**ACTIVITY**
A bare count is the expected answer, namely the number of lines in the records that have the word "fsfunP".

● ● ●

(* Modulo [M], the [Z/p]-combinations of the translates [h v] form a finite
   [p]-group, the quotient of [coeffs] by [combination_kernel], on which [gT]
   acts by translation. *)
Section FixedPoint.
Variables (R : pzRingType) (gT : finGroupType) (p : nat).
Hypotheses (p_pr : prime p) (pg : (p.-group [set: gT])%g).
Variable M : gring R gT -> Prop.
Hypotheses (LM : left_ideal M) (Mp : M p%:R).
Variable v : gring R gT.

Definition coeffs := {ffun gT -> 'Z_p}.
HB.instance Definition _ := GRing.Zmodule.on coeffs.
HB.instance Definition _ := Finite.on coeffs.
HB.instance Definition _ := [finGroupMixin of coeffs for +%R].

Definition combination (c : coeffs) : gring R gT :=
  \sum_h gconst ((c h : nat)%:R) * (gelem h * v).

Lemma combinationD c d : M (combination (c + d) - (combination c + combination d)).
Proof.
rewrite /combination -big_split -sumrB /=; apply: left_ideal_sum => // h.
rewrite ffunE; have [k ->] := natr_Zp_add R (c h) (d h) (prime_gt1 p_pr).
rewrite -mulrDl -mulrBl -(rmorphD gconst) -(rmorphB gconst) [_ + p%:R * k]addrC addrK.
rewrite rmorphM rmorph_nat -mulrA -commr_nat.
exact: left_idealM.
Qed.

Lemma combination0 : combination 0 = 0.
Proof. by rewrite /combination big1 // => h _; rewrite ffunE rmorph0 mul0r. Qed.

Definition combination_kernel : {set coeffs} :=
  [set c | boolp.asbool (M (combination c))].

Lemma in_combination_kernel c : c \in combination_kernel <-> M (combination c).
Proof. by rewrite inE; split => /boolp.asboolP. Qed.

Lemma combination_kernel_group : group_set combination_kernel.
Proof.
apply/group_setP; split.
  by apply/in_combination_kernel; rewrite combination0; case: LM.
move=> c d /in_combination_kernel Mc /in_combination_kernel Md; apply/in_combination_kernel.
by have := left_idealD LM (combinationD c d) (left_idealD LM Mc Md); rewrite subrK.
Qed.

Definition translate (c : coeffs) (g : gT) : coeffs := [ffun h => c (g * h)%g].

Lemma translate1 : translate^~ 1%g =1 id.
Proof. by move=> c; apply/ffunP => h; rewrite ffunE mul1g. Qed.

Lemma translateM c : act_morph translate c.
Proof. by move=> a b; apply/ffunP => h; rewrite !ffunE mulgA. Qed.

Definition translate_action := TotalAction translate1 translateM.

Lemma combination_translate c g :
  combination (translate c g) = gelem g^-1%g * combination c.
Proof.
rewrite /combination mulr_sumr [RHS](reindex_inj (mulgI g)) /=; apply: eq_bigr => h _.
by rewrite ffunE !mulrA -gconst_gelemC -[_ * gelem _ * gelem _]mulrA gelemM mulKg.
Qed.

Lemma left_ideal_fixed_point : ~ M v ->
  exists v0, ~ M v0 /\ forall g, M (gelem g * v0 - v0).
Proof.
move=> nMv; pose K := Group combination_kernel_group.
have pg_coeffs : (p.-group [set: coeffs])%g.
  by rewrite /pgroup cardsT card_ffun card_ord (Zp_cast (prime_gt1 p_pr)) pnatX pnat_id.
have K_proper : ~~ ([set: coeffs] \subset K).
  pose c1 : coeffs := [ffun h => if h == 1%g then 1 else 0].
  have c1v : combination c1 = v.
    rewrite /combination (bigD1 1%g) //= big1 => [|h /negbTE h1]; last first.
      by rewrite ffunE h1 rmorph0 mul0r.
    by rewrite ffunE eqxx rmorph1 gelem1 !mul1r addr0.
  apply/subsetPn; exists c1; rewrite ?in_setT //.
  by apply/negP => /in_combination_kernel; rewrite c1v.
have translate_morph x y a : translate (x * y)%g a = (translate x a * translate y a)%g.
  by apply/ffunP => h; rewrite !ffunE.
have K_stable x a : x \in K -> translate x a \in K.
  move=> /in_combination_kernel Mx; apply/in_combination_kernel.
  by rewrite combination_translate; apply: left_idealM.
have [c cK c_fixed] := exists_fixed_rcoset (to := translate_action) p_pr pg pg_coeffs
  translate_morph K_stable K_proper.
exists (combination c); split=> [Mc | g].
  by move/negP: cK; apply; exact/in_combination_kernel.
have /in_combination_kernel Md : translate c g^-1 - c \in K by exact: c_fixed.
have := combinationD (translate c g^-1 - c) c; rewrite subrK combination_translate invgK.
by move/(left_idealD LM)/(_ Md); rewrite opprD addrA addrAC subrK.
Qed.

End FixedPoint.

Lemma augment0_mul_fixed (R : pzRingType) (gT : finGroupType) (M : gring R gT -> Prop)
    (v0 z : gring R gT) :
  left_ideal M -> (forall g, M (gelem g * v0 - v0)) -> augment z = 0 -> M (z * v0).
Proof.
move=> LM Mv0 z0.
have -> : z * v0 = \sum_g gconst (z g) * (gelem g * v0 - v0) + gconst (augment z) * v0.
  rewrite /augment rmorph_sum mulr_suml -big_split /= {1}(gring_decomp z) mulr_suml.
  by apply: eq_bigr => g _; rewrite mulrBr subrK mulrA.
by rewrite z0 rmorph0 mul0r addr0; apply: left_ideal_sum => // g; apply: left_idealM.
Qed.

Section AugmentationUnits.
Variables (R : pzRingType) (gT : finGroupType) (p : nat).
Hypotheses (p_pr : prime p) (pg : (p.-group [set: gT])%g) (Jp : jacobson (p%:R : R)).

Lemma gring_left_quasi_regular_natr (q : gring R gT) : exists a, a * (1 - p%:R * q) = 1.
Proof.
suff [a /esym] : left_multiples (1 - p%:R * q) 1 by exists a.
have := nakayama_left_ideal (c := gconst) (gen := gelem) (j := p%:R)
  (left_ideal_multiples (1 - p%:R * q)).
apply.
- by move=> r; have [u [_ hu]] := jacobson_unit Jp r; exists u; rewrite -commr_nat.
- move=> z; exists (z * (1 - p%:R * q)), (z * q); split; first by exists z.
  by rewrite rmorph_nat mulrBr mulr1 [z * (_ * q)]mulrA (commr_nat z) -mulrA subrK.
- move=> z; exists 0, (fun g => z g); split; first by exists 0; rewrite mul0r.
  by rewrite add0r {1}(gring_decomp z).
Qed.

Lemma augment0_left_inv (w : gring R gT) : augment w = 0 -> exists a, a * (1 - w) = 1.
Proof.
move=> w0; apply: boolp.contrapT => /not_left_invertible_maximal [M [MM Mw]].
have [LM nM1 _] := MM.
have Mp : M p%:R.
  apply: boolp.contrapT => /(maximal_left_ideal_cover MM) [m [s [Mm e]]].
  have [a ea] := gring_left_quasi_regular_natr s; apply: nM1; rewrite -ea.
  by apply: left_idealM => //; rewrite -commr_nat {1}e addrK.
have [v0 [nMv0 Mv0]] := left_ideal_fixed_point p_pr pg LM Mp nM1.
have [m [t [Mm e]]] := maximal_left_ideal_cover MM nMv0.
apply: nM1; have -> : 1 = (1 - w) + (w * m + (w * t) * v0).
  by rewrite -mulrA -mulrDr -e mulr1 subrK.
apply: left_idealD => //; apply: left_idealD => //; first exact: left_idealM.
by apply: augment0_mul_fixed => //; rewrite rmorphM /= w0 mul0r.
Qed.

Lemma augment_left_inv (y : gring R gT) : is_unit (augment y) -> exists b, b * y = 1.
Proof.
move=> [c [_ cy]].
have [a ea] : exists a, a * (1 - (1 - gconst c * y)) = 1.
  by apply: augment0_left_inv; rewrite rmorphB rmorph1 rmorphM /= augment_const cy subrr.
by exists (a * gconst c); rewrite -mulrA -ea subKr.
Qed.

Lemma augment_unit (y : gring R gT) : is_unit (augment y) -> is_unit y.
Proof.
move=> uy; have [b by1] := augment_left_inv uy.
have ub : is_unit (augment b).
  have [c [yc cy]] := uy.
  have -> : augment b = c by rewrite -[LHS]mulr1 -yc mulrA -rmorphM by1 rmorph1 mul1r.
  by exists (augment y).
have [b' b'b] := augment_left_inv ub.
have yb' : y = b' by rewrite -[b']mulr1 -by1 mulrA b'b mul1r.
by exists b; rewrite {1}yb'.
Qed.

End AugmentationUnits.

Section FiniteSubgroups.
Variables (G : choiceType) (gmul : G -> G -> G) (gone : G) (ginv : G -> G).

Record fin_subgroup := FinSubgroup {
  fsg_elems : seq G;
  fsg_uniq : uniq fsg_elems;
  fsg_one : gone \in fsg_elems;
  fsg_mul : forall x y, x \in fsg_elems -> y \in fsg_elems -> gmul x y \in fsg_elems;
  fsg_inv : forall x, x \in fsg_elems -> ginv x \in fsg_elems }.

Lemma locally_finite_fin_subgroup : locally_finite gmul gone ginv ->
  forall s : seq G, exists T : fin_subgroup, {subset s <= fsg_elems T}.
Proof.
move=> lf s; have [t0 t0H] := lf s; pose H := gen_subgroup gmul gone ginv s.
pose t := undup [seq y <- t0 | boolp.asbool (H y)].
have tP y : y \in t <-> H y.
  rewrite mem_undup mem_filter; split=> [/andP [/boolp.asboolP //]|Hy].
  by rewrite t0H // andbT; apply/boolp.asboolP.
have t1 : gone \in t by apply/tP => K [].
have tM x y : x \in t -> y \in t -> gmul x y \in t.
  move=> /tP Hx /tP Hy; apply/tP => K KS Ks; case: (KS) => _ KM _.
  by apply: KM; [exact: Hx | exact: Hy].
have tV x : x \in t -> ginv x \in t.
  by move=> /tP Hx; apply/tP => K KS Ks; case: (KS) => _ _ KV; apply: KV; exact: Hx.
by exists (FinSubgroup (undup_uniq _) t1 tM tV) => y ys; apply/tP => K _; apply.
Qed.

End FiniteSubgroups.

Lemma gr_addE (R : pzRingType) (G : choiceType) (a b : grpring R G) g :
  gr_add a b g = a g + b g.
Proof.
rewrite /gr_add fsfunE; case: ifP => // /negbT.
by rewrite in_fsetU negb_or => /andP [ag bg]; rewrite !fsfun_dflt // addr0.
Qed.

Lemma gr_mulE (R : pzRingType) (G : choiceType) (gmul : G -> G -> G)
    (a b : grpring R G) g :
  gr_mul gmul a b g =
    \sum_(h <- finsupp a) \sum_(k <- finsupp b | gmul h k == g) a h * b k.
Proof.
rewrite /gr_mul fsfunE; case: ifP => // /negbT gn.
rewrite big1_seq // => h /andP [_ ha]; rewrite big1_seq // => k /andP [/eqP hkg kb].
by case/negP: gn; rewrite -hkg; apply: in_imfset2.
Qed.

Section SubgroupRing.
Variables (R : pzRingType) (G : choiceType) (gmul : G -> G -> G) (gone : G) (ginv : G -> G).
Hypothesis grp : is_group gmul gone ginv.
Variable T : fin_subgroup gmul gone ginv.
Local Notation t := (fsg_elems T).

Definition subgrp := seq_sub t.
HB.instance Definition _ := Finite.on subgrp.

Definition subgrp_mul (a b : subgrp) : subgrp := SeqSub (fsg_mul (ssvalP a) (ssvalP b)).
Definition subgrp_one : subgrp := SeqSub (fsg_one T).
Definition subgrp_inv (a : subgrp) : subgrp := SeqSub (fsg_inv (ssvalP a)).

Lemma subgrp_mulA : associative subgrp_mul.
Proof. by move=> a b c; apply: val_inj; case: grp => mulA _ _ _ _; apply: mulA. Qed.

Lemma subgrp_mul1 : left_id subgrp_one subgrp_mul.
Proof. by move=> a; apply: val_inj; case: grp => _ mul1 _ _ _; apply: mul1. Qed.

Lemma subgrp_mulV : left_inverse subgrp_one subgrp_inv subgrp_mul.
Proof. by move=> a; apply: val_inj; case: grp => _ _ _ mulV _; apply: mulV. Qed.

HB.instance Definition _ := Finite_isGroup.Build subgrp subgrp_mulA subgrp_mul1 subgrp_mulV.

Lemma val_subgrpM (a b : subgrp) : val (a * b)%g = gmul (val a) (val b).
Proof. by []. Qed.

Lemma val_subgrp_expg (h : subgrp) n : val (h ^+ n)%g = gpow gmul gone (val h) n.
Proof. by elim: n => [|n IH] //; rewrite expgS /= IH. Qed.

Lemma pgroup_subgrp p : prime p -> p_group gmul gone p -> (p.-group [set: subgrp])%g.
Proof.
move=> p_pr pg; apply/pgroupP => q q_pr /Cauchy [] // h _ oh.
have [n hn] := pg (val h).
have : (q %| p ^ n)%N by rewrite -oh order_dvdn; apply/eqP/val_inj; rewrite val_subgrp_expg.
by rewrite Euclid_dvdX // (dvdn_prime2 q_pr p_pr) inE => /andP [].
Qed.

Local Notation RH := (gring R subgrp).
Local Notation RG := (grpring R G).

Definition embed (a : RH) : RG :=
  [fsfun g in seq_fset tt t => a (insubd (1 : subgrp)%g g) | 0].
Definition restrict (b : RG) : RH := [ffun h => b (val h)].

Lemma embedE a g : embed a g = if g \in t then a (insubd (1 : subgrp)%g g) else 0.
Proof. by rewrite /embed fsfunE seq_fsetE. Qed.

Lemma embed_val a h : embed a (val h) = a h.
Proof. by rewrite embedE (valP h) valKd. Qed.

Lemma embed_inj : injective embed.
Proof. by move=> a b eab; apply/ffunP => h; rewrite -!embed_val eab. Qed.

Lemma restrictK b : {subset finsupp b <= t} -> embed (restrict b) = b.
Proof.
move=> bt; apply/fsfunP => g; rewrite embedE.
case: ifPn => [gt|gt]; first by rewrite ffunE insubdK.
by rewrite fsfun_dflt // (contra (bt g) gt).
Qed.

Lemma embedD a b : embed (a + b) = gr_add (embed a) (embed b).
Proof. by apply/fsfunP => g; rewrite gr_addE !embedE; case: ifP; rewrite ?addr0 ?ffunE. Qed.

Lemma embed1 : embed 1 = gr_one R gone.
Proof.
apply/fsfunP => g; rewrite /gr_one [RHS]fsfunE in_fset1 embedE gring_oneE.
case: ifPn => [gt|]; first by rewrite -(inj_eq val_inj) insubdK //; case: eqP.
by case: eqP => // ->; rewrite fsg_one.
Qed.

● ● ●

**SOLUTION FOR THIS EXERCISE**
3